The Kurds, recalled the statement “view the expulsion as part of an ‘international conspiracy’ against Öcalan and themselves. Abdullah Öcalan was subsequently abducted from Kenya on 15 February 1999 and taken to Turkey, where he was subjected to a show trial and has been imprisoned ever since, kept on Imrali Island, Turkey’s equivalent of Robben Island. For more than 10 years he was isolated as the only prisoner on the island. Despite the horrendous conditions, Öcalan has never given up hope of achieving a peaceful resolution of the conflicts in the Middle East, especially the Kurdish question”. 

For several years the Turkish government had engaged in talks with Öcalan about a resolution of the conflict. In Northern Syria, his ideas have inspired the building of a multi­ethnic, multi­religious, democratic revolution based on women’s freedom and ecology.

“Öcalan - underlined the statement - has become a symbol of hope for peace and democracy in a troubled region and around the world his ideas have resonated with people looking for an alternative to existing conditions with all the inequalities and spiralling crises”. 

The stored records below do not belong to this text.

(* Let $t\in\mathbb{R}\setminus\{2\}$ (when $t>2$, all matrices and vectors involved are assumed to have strictly positive entries), $\varepsilon\ge 0$, $\tilde r,\tilde c\in\tilde\Delta_n$. For any $\tilde P,\tilde Q\in\tilde U_n^{\varepsilon}(\tilde r,\tilde c)$ and any $\beta\in[0,1]$, $$\big(\beta\,\tilde P^{1/t^*}+(1-\beta)\,\tilde Q^{1/t^*}\big)^{t^*}\in\tilde U_n^{\varepsilon}(\tilde r,\tilde c).$$
   Context: $t^*=1/(2-t)$; powers of vectors/matrices are entrywise. For $s\neq1$, $\log_s(z)=(z^{1-s}-1)/(1-s)$; $\log_1=\log$ and $\log_0(z)=z-1$. Co-simplex: $\tilde\Delta_n=\{\tilde p\in\mathbb{R}^n:\tilde p\ge0,\ \sum_i\tilde p_i^{1/t^*}=1\}$. Co-polytope: $\tilde U_n(\tilde r,\tilde c)=\{\tilde P\in\mathbb{R}^{n\times n}_{\ge0}:\sum_j\tilde P_{ij}^{1/t^*}=\tilde r_i^{1/t^*}\ \forall i,\ \sum_i\tilde P_{ij}^{1/t^*}=\tilde c_j^{1/t^*}\ \forall j\}$. Tempered relative entropy: $D_t(\tilde u\|\tilde v)=\sum_k[\tilde u_k(\log_t\tilde u_k-\log_t\tilde v_k)-\log_{t-1}\tilde u_k+\log_{t-1}\tilde v_k]$ (sum over all entries). Ball: $\tilde U_n^{\varepsilon}(\tilde r,\tilde c)=\{\tilde P\in\tilde U_n(\tilde r,\tilde c): D_t(\tilde P\|\tilde r\tilde c^\top)\le\varepsilon\}$. *)

From HB Require Import structures.
From mathcomp Require Import all_boot all_order all_algebra.
From mathcomp Require Import all_classical all_reals.
From mathcomp Require Import exp.
Set Implicit Arguments. Unset Strict Implicit. Unset Printing Implicit Defensive.
Import Order.TTheory GRing.Theory Num.Theory.
Local Open Scope ring_scope.

Section TemperedDefs.
Variable R : realType.

Definition tstar (t : R) : R := 1 / (2 - t).

Definition logs (s z : R) : R :=
  if s == 1 then ln z else (powR z (1 - s) - 1) / (1 - s).

Definition cosimplex (t : R) (n : nat) (p : 'rV[R]_n) : Prop :=
  (forall i, 0 <= p 0 i) /\ \sum_(i < n) powR (p 0 i) (1 / tstar t) = 1.

Definition copolytope (t : R) (n : nat) (r c : 'rV[R]_n) (P : 'M[R]_n) : Prop :=
  [/\ forall i j, 0 <= P i j,
      forall i, \sum_(j < n) powR (P i j) (1 / tstar t) = powR (r 0 i) (1 / tstar t)
    & forall j, \sum_(i < n) powR (P i j) (1 / tstar t) = powR (c 0 j) (1 / tstar t)].

Definition Dt (t : R) (n : nat) (U V : 'M[R]_n) : R :=
  \sum_(i < n) \sum_(j < n)
    (U i j * (logs t (U i j) - logs t (V i j))
     - logs (t - 1) (U i j) + logs (t - 1) (V i j)).

Definition outer (n : nat) (r c : 'rV[R]_n) : 'M[R]_n :=
  \matrix_(i, j) (r 0 i * c 0 j).

Definition coball (t eps : R) (n : nat) (r c : 'rV[R]_n) (P : 'M[R]_n) : Prop :=
  copolytope t r c P /\ Dt t P (outer r c) <= eps.

Definition comix (t beta : R) (n : nat) (P Q : 'M[R]_n) : 'M[R]_n :=
  \matrix_(i, j) powR (beta * powR (P i j) (1 / tstar t)
                   + (1 - beta) * powR (Q i j) (1 / tstar t)) (tstar t).

End TemperedDefs.

From HB Require Import structures.
From mathcomp Require Import all_boot all_order all_algebra.
From mathcomp Require Import all_classical all_reals.
From mathcomp Require Import exp.
From mathcomp Require Import interval_inference sequences convex hoelder.
From mathcomp Require Import ring lra.
Import Order.TTheory GRing.Theory Num.Theory.
Local Open Scope ring_scope.

(* Write e = t^* = 1/(2-t) and describe a nonnegative matrix P by
   its co-coordinates p = P^(1/e) = P^(2-t), so that P = p^e.  The co-mixture
   of P and Q is then the matrix whose co-coordinates are the ordinary convex
   combination m = b p + (1-b) q.
   - The co-polytope constraints are linear in the co-coordinates, hence they
     are preserved by the co-mixture.
   - Each summand of D_t(. || V), seen as a function of the co-coordinate u,
     is convex: for t = 1 it is u ln u plus an affine function of u, and for
     t <> 1 it is an affine function of u plus -(V^(1-t)/(1-t)) u^e, which is
     convex because u^e is concave when t < 1 (0 < e <= 1) and convex when
     1 < t < 2 (e >= 1) or t > 2 (e < 0, positive arguments).
   Summing, D_t(mix || r c^T) <= b D_t(P || r c^T) + (1-b) D_t(Q || r c^T),
   which is at most eps. *)

Section ScalarConvexity.
Local Set Implicit Arguments. Local Unset Strict Implicit.
Variables (R : realType) (b : R).
Hypotheses (b0 : 0 <= b) (b1 : b <= 1).
Local Notation mix x y := (b * x + (1 - b) * y).

(* The tangent-line bound ln z <= z - 1 at z = m/x, multiplied by x; the form
   x ln m - x ln x <= m - x also covers x = 0 (recall ln 0 = 0). *)
Lemma ln_tangent (x m : R) : 0 <= x -> 0 < m ->
  x * ln m - x * ln x <= m - x.
Proof.
move=> x0 m0; have [->|xn0] := eqVneq x 0; first by rewrite !mul0r subrr subr0 ltW.
have xp : 0 < x by rewrite lt0r xn0.
have := expR_ge1Dx (ln (m / x)); rewrite lnK ?posrE ?divr_gt0 // => hmx.
rewrite -mulrBr -ln_div ?posrE //.
have := ler_wpM2l (ltW xp) hmx; rewrite mulrCA mulfV ?gt_eqF // mulr1.
lra.
Qed.

Let b1' : 0 <= 1 - b. Proof. by rewrite subr_ge0. Qed.

Let mix_ge0 (x y : R) : 0 <= x -> 0 <= y -> 0 <= mix x y.
Proof. by move=> x0 y0; rewrite addr_ge0 // mulr_ge0. Qed.

Lemma powR_convex (e x y : R) : 1 <= e -> 0 <= x -> 0 <= y ->
  powR (mix x y) e <= mix (powR x e) (powR y e).
Proof.
move=> e1 x0 y0; have := @convex_powR R e e1 (Itv01 b0 b1) x y.
by rewrite !convRE /=; apply; rewrite inE /= in_itv /= ?x0 ?y0.
Qed.

(* z |-> z^e is concave on [0, +oo) for 0 < e <= 1: apply the convexity of
   z |-> z^(1/e) to x^e, y^e and take e-th powers. *)
Lemma powR_concave (e x y : R) : 0 < e -> e <= 1 -> 0 <= x -> 0 <= y ->
  mix (powR x e) (powR y e) <= powR (mix x y) e.
Proof.
move=> e0 e1 x0 y0.
have powRK z : 0 <= z -> powR (powR z e) e^-1 = z.
  by move=> z0; rewrite -powRrM mulfV ?gt_eqF // powRr1.
have e1' : 1 <= e^-1 by rewrite invf_ge1.
have := @powR_convex e^-1 _ _ e1' (powR_ge0 x e) (powR_ge0 y e).
rewrite !powRK // => /(@ge0_ler_powR R e (ltW e0)).
rewrite -powRrM mulVf ?gt_eqF // powRr1 ?mix_ge0 ?powR_ge0 //.
by apply; rewrite nnegrE ?mix_ge0 ?powR_ge0.
Qed.

(* z |-> z^e is convex on (0, +oo) for e < 0, since z^e = exp(e ln z) with
   ln concave, e < 0 and exp increasing and convex. *)
Lemma powR_convex_neg (e x y : R) : e < 0 -> 0 < x -> 0 < y ->
  powR (mix x y) e <= mix (powR x e) (powR y e).
Proof.
move=> e0 x0 y0.
have m0 : 0 < mix x y.
  have [->|bn0] := eqVneq b 0; first by rewrite mul0r add0r subr0 mul1r.
  have bp : 0 < b by rewrite lt0r bn0.
  by rewrite ltr_pwDl ?mulr_gt0 // mulr_ge0 // ltW.
rewrite /powR !gt_eqF //.
have := @concave_ln R (Itv01 b0 b1) x y x0 y0; rewrite !convRE /= => ln_mix.
apply: (@le_trans _ _ (expR (mix (e * ln x) (e * ln y)))).
  by rewrite ler_expR mulrCA (mulrCA (1 - b)) -mulrDr ler_wnM2l // ltW.
by have := @convex_expR R (Itv01 b0 b1) (e * ln x) (e * ln y); rewrite !convRE.
Qed.

(* z |-> z ln z is convex on [0, +oo): add the tangent inequalities of ln at
   the mean m, weighted by b x and (1-b) y. *)
Lemma xlnx_convex (x y : R) : 0 <= x -> 0 <= y ->
  mix x y * ln (mix x y) <= mix (x * ln x) (y * ln y).
Proof.
move=> x0 y0; set m := mix x y.
have [m0|mp] := eqVneq m 0.
  have /andP[/eqP bx0 /eqP cy0] : (b * x == 0) && ((1 - b) * y == 0).
    by rewrite -paddr_eq0 ?mulr_ge0 // -/m m0.
  by rewrite m0 mul0r !mulrA bx0 cy0 !mul0r addr0.
have {}mp : 0 < m by rewrite lt0r mp mix_ge0.
have tx := ler_wpM2l b0 (ln_tangent x0 mp).
have ty := ler_wpM2l b1' (ln_tangent y0 mp).
have -> : m * ln m = b * (x * ln m) + (1 - b) * (y * ln m) by rewrite /m; ring.
have : b * (m - x) + (1 - b) * (m - y) = 0 by rewrite /m; ring.
lra.
Qed.

End ScalarConvexity.

Section CoCoordinates.
Local Set Implicit Arguments. Local Unset Strict Implicit.
Variables (R : realType) (t : R).
Local Notation e := (tstar t).

(* The co-coordinate exponent 1/t^* is 2 - t (also when t = 2, as 0^-1 = 0). *)
Lemma tstar_invE : 1 / e = 2 - t.
Proof. by rewrite /tstar !div1r invrK. Qed.

Hypothesis t2 : t != 2.

Let e0 : e != 0.
Proof. by rewrite /tstar div1r invr_eq0 subr_eq0 eq_sym. Qed.

Lemma cocoordK (z : R) : 0 <= z -> powR (powR z e) (1 / e) = z.
Proof. by move=> z0; rewrite -powRrM mul1r mulfV // powRr1. Qed.

Lemma cocoordVK (z : R) : 0 <= z -> powR (powR z (1 / e)) e = z.
Proof. by move=> z0; rewrite -powRrM mul1r mulVf // powRr1. Qed.

Definition ent (U V : R) : R :=
  U * (logs t U - logs t V) - logs (t - 1) U + logs (t - 1) V.

Lemma DtE (n : nat) (U V : 'M[R]_n) :
  Dt t U V = \sum_(i < n) \sum_(j < n) ent (U i j) (V i j).
Proof. by []. Qed.

Lemma ent_cocoordE (u V : R) : t != 1 -> 0 <= u ->
  ent (powR u e) V = u * (1 / (1 - t) - 1 / (2 - t)) + (1 / (2 - t) + logs (t - 1) V)
    - powR V (1 - t) / (1 - t) * powR u e.
Proof.
move=> t1 u0.
have t2' : 2 - t != 0 by rewrite subr_eq0 eq_sym.
have t1' : 1 - t != 0 by rewrite subr_eq0 eq_sym.
have tm1 : (t - 1 == 1) = false by apply/negbTE; rewrite subr_eq.
have back : powR (powR u e) (2 - t) = u by rewrite -tstar_invE cocoordK.
(* U * U^(1-t) = U^(2-t) = u, which makes U * logs t U affine in u. *)
have UlogU : powR u e * powR (powR u e) (1 - t) = u.
  have [->|un0] := eqVneq u 0; first by rewrite powR0 // mul0r.
  have Un0 : powR u e != 0 by rewrite powR_eq0 negb_and un0.
  rewrite -{1}(powRr1 (powR_ge0 u e)) -powRD ?Un0 ?implybT //.
  by rewrite (_ : 1 + (1 - t) = 2 - t) ?back //; ring.
rewrite /ent /logs (negbTE t1) tm1 (_ : 1 - (t - 1) = 2 - t) ?back; last by ring.
move: UlogU; set U := powR u e; set Z := powR U (1 - t) => UZ.
by rewrite -UZ; field; apply/andP.
Qed.

Lemma ent1E (u V : R) : t = 1 -> 0 <= u ->
  ent (powR u e) V = u * ln u - u * (ln V + 1) + (1 + logs (t - 1) V).
Proof.
move=> t1 u0; rewrite /ent /logs /tstar t1 (_ : 2 - 1 = 1 :> R); last by ring.
by rewrite eqxx subrr eq_sym oner_eq0 subr0 !divr1 !(powRr1 u0); ring.
Qed.

Section Mixture.
Variable b : R.
Hypotheses (b0 : 0 <= b) (b1 : b <= 1).
Local Notation mix x y := (b * x + (1 - b) * y).

(* The term -(W/(1-t)) u^e of the summand is convex in u >= 0 (u > 0 when
   t > 2); this is where the three regimes t < 1, 1 < t < 2, t > 2 differ. *)
Lemma copow_term_convex (W x y : R) : t != 1 -> 0 <= W -> 0 <= x -> 0 <= y ->
  (2 < t -> 0 < x /\ 0 < y) ->
  - (W / (1 - t)) * powR (mix x y) e <= - (W / (1 - t)) * mix (powR x e) (powR y e).
Proof.
move=> t1 W0 x0 y0 pos.
have [tlt1|tgt1] := ltP t 1.
  have e_pos : 0 < e by rewrite /tstar divr_gt0 // subr_gt0; lra.
  have e_le1 : e <= 1 by rewrite /tstar ler_pdivrMr ?mul1r ?subr_gt0; lra.
  have w0 : 0 <= W / (1 - t) by rewrite divr_ge0 // subr_ge0 ltW.
  by rewrite !mulNr lerN2 ler_wpM2l // powR_concave.
have w0 : 0 <= - (W / (1 - t)) by rewrite oppr_ge0 mulr_ge0_le0 // invr_le0 subr_le0.
apply: ler_wpM2l => //; have [tlt2|tge2] := ltP t 2.
  have e_ge1 : 1 <= e by rewrite /tstar ler_pdivlMr ?mul1r ?subr_gt0 //; lra.
  exact: powR_convex.
have t_gt2 : 2 < t by rewrite lt_neqAle eq_sym t2 tge2.
have [xp yp] := pos t_gt2.
by apply: powR_convex_neg => //; rewrite /tstar div1r invr_lt0 subr_lt0.
Qed.

Lemma ent_cocoord_convex (V x y : R) : 0 <= x -> 0 <= y ->
  (2 < t -> 0 < x /\ 0 < y) ->
  ent (powR (mix x y) e) V <= mix (ent (powR x e) V) (ent (powR y e) V).
Proof.
move=> x0 y0 pos; have m0 : 0 <= mix x y by rewrite addr_ge0 // mulr_ge0 // subr_ge0.
have [t1|t1] := eqVneq t 1.
  rewrite !ent1E //; have := xlnx_convex b0 b1 x0 y0.
  set L := ln V + 1; set C := 1 + logs (t - 1) V.
  have -> : mix (x * ln x - x * L + C) (y * ln y - y * L + C)
    = mix (x * ln x) (y * ln y) - mix x y * L + C by ring.
  lra.
rewrite !ent_cocoordE //.
have := copow_term_convex t1 (powR_ge0 V (1 - t)) x0 y0 pos.
set k1 := 1 / (1 - t) - 1 / (2 - t); set k0 := _ + logs _ _.
set w := powR V (1 - t) / (1 - t).
set M := powR (mix x y) e; set X := powR x e; set Y := powR y e.
have -> : mix (x * k1 + k0 - w * X) (y * k1 + k0 - w * Y)
  = mix x y * k1 + k0 - w * mix X Y by ring.
rewrite !mulNr; lra.
Qed.

Lemma sum_mix (n : nat) (F G : 'I_n -> R) :
  \sum_(i < n) mix (F i) (G i) = mix (\sum_(i < n) F i) (\sum_(i < n) G i).
Proof. by rewrite big_split /= -!mulr_sumr. Qed.

Lemma comix_cocoord (n : nat) (P Q : 'M[R]_n) i j :
  powR (comix t b P Q i j) (1 / e) = mix (powR (P i j) (1 / e)) (powR (Q i j) (1 / e)).
Proof.
by rewrite mxE; apply: cocoordK; rewrite addr_ge0 // mulr_ge0 ?powR_ge0 // subr_ge0.
Qed.

(* The co-polytope is stable under co-mixtures: its constraints are linear in
   the co-coordinates. *)
Lemma copolytope_comix (n : nat) (r c : 'rV[R]_n) (P Q : 'M[R]_n) :
  copolytope t r c P -> copolytope t r c Q -> copolytope t r c (comix t b P Q).
Proof.
move=> [_ Pr Pc] [_ Qr Qc]; have mixK z : mix z z = z by ring.
split=> [i j|i|j]; first by rewrite mxE powR_ge0.
- by under eq_bigr do rewrite comix_cocoord; rewrite sum_mix Pr Qr mixK.
- by under eq_bigr do rewrite comix_cocoord; rewrite sum_mix Pc Qc mixK.
Qed.

Lemma Dt_comix_convex (n : nat) (V P Q : 'M[R]_n) :
  (forall i j, 0 <= P i j) -> (forall i j, 0 <= Q i j) ->
  (2 < t -> (forall i j, 0 < P i j) /\ (forall i j, 0 < Q i j)) ->
  Dt t (comix t b P Q) V <= mix (Dt t P V) (Dt t Q V).
Proof.
move=> P0 Q0 pos; rewrite !DtE -sum_mix; apply: ler_sum => i _.
rewrite -sum_mix; apply: ler_sum => j _.
have pos_ij : 2 < t -> 0 < powR (P i j) (1 / e) /\ 0 < powR (Q i j) (1 / e).
  by move=> /pos[Pp Qp]; rewrite !powR_gt0.
have := ent_cocoord_convex (V i j) (powR_ge0 _ _) (powR_ge0 _ _) pos_ij.
by rewrite !cocoordVK // mxE.
Qed.

End Mixture.
End CoCoordinates.

Theorem proposition2 (R : realType) (n : nat) (t eps beta : R)
    (r c : 'rV[R]_n) (P Q : 'M[R]_n) :
  t != 2 ->
  0 <= eps ->
  cosimplex t r -> cosimplex t c ->
  (2 < t -> [/\ forall i, 0 < r 0 i, forall j, 0 < c 0 j,
               forall i j, 0 < P i j & forall i j, 0 < Q i j]) ->
  coball t eps r c P -> coball t eps r c Q ->
  0 <= beta <= 1 ->
  coball t eps r c (comix t beta P Q).
Proof.
move=> t2 _ _ _ pos [PU DP] [QU DQ] /andP[b0 b1].
split; first exact: copolytope_comix.
have [P0 _ _] := PU; have [Q0 _ _] := QU.
apply: le_trans (Dt_comix_convex t2 b0 b1 _ P0 Q0 _) _.
  by move=> /pos[_ _ Pp Qp].
have b1' : 0 <= 1 - beta by rewrite subr_ge0.
have := ler_wpM2l b0 DP; have := ler_wpM2l b1' DQ; lra.
Qed.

British political leaders, reminded the statement, “have a particular historical responsibility for the fate of the Kurdish people. After the collapse of the Ottoman Empire, the Kurdish people and their lands were ruthlessly divided up by the British and the French governments; first by the secret Sykes-Picot Agreement of 1916 and then formally with the 1923 Treaty of Lausanne”. 

Abdullah Öcalan has provided Kurds with inspiring leadership. He has repeatedly sought a peaceful resolution to the Kurdish question, but his proposals have, so far, been rejected and he is held in strict isolation and denied visits, even from his family and lawyers, said the statement.

European Court of Human Rights ruling

On 27 September 2018 the European Court of Human Rights rejected a complaint that Öcalan had been mistreated during a cell search on 7 October 2008. Contrary to this ruling, Abdullah Öcalan has been treated inhumanely throughout his incarceration.

In prison, Abdullah Öcalan has written numerous books which advocate a democratisation of Turkey and the whole region. 

“Öcalan’s writings - said Peace in Kurdistan Campaign - have inspired a democratic and feminist revolution. He was able to transform Kurdish society from pursuing a statist approach to a confederalist approach. He has outlined the theoretical and practical basis for the Rojava Revolution, the liberation of the

Yazidi Kurds in Shengal, as well as the HDP project in Turkey. Clearly, prison bars and the most intense restrictions have not been able to prevent him from inspiring the people. It is time to end the criminalisation of the Kurdish struggle for self-determination and to free Abdullah Öcalan. The British government must stop supporting the Turkish state’s war against the Kurds”.